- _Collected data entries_
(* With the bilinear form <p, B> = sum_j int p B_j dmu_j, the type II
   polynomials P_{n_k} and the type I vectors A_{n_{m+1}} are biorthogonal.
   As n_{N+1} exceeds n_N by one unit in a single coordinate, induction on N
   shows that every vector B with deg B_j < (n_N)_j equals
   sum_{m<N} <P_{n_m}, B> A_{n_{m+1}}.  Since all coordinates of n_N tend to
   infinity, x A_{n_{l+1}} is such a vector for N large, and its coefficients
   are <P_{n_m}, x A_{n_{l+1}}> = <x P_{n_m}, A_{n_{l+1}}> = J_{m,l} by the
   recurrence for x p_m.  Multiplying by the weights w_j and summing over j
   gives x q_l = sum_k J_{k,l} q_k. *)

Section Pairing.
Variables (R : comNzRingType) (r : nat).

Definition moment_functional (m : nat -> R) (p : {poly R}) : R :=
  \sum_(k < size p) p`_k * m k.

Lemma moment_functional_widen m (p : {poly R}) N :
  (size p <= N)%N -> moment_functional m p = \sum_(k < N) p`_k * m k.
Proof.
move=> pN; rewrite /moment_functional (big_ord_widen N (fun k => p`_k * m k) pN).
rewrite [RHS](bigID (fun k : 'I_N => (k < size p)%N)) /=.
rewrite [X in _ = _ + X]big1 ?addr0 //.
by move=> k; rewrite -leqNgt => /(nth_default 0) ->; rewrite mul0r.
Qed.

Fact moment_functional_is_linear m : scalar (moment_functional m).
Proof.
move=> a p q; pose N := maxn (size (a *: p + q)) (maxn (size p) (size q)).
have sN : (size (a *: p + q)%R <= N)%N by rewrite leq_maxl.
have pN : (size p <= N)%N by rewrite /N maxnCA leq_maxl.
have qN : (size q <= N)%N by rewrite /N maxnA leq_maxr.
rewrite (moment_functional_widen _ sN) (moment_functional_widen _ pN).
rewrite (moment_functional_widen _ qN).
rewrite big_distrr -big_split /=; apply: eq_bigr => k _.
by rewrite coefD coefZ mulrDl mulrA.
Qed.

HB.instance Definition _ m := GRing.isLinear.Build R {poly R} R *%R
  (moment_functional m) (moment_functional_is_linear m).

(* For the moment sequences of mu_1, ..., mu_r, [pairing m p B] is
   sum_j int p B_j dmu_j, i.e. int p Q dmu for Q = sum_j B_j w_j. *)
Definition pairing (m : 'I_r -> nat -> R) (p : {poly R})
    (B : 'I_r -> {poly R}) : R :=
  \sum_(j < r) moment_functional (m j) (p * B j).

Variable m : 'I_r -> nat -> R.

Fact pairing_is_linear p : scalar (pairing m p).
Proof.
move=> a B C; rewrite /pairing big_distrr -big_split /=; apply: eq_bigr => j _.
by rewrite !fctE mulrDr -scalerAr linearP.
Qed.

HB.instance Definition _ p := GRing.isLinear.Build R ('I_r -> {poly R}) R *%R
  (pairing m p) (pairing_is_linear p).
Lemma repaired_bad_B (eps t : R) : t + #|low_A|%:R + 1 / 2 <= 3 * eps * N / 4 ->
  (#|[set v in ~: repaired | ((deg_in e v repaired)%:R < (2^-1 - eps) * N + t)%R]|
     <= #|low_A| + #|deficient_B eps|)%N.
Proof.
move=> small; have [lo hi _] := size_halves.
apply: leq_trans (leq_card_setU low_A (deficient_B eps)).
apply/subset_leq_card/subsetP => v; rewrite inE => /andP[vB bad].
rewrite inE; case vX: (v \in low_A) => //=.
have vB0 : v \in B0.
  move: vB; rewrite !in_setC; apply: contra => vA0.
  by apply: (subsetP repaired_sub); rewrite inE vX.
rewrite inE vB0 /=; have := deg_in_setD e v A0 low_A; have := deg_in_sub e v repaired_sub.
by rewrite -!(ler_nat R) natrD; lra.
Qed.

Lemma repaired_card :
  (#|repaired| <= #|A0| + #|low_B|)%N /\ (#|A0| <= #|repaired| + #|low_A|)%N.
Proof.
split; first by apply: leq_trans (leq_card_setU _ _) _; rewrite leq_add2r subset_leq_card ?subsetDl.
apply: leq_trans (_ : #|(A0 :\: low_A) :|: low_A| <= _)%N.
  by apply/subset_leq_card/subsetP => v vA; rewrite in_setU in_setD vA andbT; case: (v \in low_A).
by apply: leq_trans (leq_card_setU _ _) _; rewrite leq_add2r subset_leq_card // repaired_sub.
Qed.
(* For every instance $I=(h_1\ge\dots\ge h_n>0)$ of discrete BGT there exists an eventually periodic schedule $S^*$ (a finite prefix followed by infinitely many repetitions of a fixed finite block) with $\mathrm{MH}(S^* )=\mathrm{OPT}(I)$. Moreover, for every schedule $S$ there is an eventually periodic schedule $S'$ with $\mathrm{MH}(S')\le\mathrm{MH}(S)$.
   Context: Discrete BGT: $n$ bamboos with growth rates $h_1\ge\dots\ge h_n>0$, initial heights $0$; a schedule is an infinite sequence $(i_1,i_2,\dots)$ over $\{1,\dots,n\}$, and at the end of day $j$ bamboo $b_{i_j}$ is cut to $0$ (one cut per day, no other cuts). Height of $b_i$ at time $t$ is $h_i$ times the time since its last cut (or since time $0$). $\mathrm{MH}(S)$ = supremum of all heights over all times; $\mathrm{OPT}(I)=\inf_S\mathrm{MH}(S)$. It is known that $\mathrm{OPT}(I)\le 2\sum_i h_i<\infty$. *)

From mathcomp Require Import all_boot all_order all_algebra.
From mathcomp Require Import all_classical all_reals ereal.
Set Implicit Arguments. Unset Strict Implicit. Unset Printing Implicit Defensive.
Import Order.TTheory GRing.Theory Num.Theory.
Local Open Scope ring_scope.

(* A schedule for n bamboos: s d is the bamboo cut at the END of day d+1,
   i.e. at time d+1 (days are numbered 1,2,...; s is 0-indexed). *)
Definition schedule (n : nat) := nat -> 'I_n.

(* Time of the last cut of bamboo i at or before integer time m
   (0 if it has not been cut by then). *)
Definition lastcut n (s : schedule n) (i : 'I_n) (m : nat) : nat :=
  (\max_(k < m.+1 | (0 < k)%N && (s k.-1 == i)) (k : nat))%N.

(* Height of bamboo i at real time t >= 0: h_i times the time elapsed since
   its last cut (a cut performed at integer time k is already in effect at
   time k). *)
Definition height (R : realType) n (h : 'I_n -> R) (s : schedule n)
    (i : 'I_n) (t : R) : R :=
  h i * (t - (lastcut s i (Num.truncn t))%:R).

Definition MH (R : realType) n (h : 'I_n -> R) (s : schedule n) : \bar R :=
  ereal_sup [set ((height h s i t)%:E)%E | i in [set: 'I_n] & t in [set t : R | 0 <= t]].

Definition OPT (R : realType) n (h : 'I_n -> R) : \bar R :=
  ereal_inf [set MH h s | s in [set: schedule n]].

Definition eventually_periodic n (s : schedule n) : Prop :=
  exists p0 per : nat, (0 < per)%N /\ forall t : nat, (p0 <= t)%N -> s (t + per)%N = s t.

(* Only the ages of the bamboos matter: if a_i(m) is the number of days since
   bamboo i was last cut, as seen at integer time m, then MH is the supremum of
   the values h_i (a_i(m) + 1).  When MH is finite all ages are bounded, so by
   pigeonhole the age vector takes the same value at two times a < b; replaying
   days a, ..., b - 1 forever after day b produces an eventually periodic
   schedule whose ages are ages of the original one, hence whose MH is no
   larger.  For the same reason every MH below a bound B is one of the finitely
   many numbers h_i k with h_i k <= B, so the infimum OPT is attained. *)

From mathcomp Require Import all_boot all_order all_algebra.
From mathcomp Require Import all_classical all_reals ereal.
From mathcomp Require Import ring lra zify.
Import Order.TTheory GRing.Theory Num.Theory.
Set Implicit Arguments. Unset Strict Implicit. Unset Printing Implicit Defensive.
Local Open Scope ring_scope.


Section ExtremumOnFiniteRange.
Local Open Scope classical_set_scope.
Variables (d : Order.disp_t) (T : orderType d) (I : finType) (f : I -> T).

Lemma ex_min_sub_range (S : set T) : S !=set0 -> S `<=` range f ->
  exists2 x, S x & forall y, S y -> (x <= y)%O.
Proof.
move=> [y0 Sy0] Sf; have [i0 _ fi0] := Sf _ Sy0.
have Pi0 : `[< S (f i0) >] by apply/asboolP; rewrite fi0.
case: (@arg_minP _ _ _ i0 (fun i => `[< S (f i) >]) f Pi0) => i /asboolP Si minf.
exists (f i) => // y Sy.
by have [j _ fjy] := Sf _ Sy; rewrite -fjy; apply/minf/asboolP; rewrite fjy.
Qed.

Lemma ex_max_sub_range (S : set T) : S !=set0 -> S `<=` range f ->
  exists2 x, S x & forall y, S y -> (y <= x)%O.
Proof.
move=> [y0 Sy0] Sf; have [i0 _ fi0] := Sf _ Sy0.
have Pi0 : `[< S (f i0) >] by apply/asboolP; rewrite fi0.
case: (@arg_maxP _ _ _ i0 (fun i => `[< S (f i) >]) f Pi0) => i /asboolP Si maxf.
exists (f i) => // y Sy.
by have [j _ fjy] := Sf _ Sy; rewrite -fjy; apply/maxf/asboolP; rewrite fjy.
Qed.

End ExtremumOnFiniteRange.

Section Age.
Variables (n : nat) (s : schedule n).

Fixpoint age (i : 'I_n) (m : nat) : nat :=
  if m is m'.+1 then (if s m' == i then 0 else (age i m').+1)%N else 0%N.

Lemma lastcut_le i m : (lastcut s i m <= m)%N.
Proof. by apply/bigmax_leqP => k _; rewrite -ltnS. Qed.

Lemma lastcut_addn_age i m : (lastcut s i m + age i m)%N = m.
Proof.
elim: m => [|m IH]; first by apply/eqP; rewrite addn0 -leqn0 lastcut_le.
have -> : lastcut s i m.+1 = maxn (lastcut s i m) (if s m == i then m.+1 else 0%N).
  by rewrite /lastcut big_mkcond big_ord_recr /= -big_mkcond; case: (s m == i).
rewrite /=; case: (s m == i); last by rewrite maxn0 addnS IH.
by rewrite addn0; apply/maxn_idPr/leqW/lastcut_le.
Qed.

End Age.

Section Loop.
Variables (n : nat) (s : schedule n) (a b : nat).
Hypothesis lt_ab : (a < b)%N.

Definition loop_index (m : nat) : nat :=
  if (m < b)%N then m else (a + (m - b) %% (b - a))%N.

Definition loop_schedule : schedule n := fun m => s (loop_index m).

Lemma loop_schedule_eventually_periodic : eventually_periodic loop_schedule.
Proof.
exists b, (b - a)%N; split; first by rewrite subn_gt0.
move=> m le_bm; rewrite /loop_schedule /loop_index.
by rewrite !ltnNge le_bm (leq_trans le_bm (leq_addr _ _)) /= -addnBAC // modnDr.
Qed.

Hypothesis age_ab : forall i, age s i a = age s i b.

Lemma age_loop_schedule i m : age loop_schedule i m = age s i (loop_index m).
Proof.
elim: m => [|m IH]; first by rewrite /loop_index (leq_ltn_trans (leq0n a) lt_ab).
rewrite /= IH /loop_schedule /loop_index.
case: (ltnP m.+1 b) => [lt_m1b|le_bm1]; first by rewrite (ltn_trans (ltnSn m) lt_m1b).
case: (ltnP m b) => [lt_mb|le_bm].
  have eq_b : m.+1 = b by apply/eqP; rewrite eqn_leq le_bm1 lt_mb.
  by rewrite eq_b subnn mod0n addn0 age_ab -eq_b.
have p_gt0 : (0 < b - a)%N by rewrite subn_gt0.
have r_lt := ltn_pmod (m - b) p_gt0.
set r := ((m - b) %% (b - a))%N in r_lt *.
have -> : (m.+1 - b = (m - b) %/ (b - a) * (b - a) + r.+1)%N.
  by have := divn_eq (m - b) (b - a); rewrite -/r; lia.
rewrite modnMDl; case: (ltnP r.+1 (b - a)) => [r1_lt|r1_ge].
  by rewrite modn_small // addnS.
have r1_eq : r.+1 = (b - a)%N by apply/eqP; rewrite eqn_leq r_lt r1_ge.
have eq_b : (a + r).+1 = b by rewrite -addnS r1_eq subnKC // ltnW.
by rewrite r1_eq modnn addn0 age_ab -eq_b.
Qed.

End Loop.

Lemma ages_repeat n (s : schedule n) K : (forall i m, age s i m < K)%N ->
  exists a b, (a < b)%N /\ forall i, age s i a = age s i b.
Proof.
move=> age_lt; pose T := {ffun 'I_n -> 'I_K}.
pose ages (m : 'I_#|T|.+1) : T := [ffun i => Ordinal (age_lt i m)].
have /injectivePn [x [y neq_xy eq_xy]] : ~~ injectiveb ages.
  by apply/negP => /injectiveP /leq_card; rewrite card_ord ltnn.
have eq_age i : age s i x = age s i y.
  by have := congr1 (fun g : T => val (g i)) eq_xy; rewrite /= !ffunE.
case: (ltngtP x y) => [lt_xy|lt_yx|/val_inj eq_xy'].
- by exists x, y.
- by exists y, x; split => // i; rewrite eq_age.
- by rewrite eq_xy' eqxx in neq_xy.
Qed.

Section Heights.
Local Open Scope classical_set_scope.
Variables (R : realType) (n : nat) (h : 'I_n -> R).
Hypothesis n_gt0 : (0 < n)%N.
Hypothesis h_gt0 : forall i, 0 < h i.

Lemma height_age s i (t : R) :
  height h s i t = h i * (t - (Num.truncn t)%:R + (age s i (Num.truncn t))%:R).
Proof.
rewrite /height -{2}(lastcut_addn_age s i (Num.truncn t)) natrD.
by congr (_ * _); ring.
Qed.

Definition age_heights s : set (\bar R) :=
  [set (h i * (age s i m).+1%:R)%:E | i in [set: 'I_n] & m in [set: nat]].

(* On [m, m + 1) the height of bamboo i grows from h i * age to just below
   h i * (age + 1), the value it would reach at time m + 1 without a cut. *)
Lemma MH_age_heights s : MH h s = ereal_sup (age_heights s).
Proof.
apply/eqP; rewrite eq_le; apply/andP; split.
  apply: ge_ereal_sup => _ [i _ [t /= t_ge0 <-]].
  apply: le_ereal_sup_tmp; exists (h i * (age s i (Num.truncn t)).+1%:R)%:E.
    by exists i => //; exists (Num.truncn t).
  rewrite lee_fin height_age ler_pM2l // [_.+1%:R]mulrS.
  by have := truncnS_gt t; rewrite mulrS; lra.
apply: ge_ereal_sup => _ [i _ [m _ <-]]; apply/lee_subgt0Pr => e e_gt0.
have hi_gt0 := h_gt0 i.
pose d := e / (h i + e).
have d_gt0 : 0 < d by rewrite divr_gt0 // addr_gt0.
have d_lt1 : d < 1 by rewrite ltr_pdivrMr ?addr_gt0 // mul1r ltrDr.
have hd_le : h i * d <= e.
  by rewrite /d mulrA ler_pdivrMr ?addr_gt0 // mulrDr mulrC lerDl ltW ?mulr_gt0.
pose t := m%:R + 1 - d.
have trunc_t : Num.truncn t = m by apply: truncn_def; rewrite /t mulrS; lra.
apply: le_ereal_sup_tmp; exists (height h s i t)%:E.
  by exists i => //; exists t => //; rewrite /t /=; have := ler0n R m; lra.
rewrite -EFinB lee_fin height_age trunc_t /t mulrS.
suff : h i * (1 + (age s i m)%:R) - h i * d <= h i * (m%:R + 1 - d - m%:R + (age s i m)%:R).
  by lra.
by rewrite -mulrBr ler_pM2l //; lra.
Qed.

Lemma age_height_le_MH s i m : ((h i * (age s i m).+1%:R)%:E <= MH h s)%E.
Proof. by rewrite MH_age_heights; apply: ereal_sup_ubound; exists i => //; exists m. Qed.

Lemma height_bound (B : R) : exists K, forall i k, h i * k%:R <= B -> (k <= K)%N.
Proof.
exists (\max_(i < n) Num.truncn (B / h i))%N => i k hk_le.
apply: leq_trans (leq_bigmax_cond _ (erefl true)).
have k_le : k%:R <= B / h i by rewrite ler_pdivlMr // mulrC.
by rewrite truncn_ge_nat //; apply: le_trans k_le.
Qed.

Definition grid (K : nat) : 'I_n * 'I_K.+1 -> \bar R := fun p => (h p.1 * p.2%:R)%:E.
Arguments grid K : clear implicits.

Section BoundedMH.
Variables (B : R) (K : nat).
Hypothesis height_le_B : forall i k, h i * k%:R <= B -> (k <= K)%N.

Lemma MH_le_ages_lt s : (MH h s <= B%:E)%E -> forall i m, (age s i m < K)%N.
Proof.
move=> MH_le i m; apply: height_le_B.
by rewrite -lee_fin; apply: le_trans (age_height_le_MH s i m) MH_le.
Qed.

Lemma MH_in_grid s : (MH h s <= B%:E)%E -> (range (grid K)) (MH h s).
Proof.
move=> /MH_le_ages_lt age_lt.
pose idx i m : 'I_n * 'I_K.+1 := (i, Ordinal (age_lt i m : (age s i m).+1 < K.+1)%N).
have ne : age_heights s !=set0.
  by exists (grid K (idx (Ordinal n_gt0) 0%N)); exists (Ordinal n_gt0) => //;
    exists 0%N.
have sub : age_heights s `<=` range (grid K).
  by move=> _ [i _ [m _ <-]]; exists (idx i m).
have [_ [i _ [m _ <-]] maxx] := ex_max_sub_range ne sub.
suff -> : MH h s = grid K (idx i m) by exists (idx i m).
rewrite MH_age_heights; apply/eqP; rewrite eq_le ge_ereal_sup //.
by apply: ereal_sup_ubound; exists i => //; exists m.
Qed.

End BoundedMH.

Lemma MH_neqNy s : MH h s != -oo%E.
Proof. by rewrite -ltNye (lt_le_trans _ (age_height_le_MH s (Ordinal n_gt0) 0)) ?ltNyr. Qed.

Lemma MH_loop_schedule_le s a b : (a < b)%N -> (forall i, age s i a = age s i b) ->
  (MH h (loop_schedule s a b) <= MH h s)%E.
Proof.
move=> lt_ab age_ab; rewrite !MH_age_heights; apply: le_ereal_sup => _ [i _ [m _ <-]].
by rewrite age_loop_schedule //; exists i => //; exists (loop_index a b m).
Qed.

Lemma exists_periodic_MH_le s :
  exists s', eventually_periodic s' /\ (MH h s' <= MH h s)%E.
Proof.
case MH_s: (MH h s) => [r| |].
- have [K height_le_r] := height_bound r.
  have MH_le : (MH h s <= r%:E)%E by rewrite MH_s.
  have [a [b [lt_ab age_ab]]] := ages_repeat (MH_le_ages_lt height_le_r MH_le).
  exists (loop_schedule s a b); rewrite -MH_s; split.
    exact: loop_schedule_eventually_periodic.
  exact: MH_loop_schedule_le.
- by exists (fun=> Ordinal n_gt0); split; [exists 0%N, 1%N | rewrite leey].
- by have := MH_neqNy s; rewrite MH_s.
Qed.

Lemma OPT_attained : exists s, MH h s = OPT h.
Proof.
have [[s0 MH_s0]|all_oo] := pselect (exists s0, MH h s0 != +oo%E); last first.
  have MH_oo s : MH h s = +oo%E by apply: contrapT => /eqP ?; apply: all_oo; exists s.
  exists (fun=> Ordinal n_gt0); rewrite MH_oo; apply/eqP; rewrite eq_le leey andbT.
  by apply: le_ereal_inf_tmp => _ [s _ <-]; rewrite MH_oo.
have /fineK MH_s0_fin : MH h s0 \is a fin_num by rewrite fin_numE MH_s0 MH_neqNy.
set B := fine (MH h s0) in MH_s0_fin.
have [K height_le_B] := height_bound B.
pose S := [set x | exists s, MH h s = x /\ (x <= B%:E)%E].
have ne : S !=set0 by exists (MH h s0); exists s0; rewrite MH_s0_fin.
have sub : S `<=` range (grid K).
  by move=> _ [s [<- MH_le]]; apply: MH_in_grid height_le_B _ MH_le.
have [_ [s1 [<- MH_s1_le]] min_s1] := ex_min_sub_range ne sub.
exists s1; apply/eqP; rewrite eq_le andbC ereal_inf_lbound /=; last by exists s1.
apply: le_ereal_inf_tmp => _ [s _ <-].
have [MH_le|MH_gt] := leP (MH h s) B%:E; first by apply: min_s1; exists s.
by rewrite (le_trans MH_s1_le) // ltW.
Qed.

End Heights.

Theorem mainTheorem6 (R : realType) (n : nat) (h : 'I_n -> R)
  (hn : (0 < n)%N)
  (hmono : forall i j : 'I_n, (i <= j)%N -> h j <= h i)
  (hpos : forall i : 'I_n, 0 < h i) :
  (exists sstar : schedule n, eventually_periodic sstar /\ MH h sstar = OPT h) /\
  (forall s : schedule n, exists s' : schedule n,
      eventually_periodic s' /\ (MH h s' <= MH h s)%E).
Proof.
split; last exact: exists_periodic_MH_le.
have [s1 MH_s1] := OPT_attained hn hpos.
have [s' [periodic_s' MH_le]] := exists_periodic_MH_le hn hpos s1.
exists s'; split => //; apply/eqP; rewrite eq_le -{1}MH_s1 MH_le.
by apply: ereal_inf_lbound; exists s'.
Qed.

- _DIRECTIONS FOR THIS TASK_
Copy the stretch of the records above that runs from the line with "have eq_b : (a" through the line with "have /injectivePn [x". Both end lines belong in the copy, and nothing else does.

- _TASK RESULT_
have eq_b : (a + r).+1 = b by rewrite -addnS r1_eq subnKC // ltnW.
by rewrite r1_eq modnn addn0 age_ab -eq_b.
Qed.

End Loop.

Lemma ages_repeat n (s : schedule n) K : (forall i m, age s i m < K)%N ->
  exists a b, (a < b)%N /\ forall i, age s i a = age s i b.
Proof.
move=> age_lt; pose T := {ffun 'I_n -> 'I_K}.
pose ages (m : 'I_#|T|.+1) : T := [ffun i => Ordinal (age_lt i m)].
have /injectivePn [x [y neq_xy eq_xy]] : ~~ injectiveb ages.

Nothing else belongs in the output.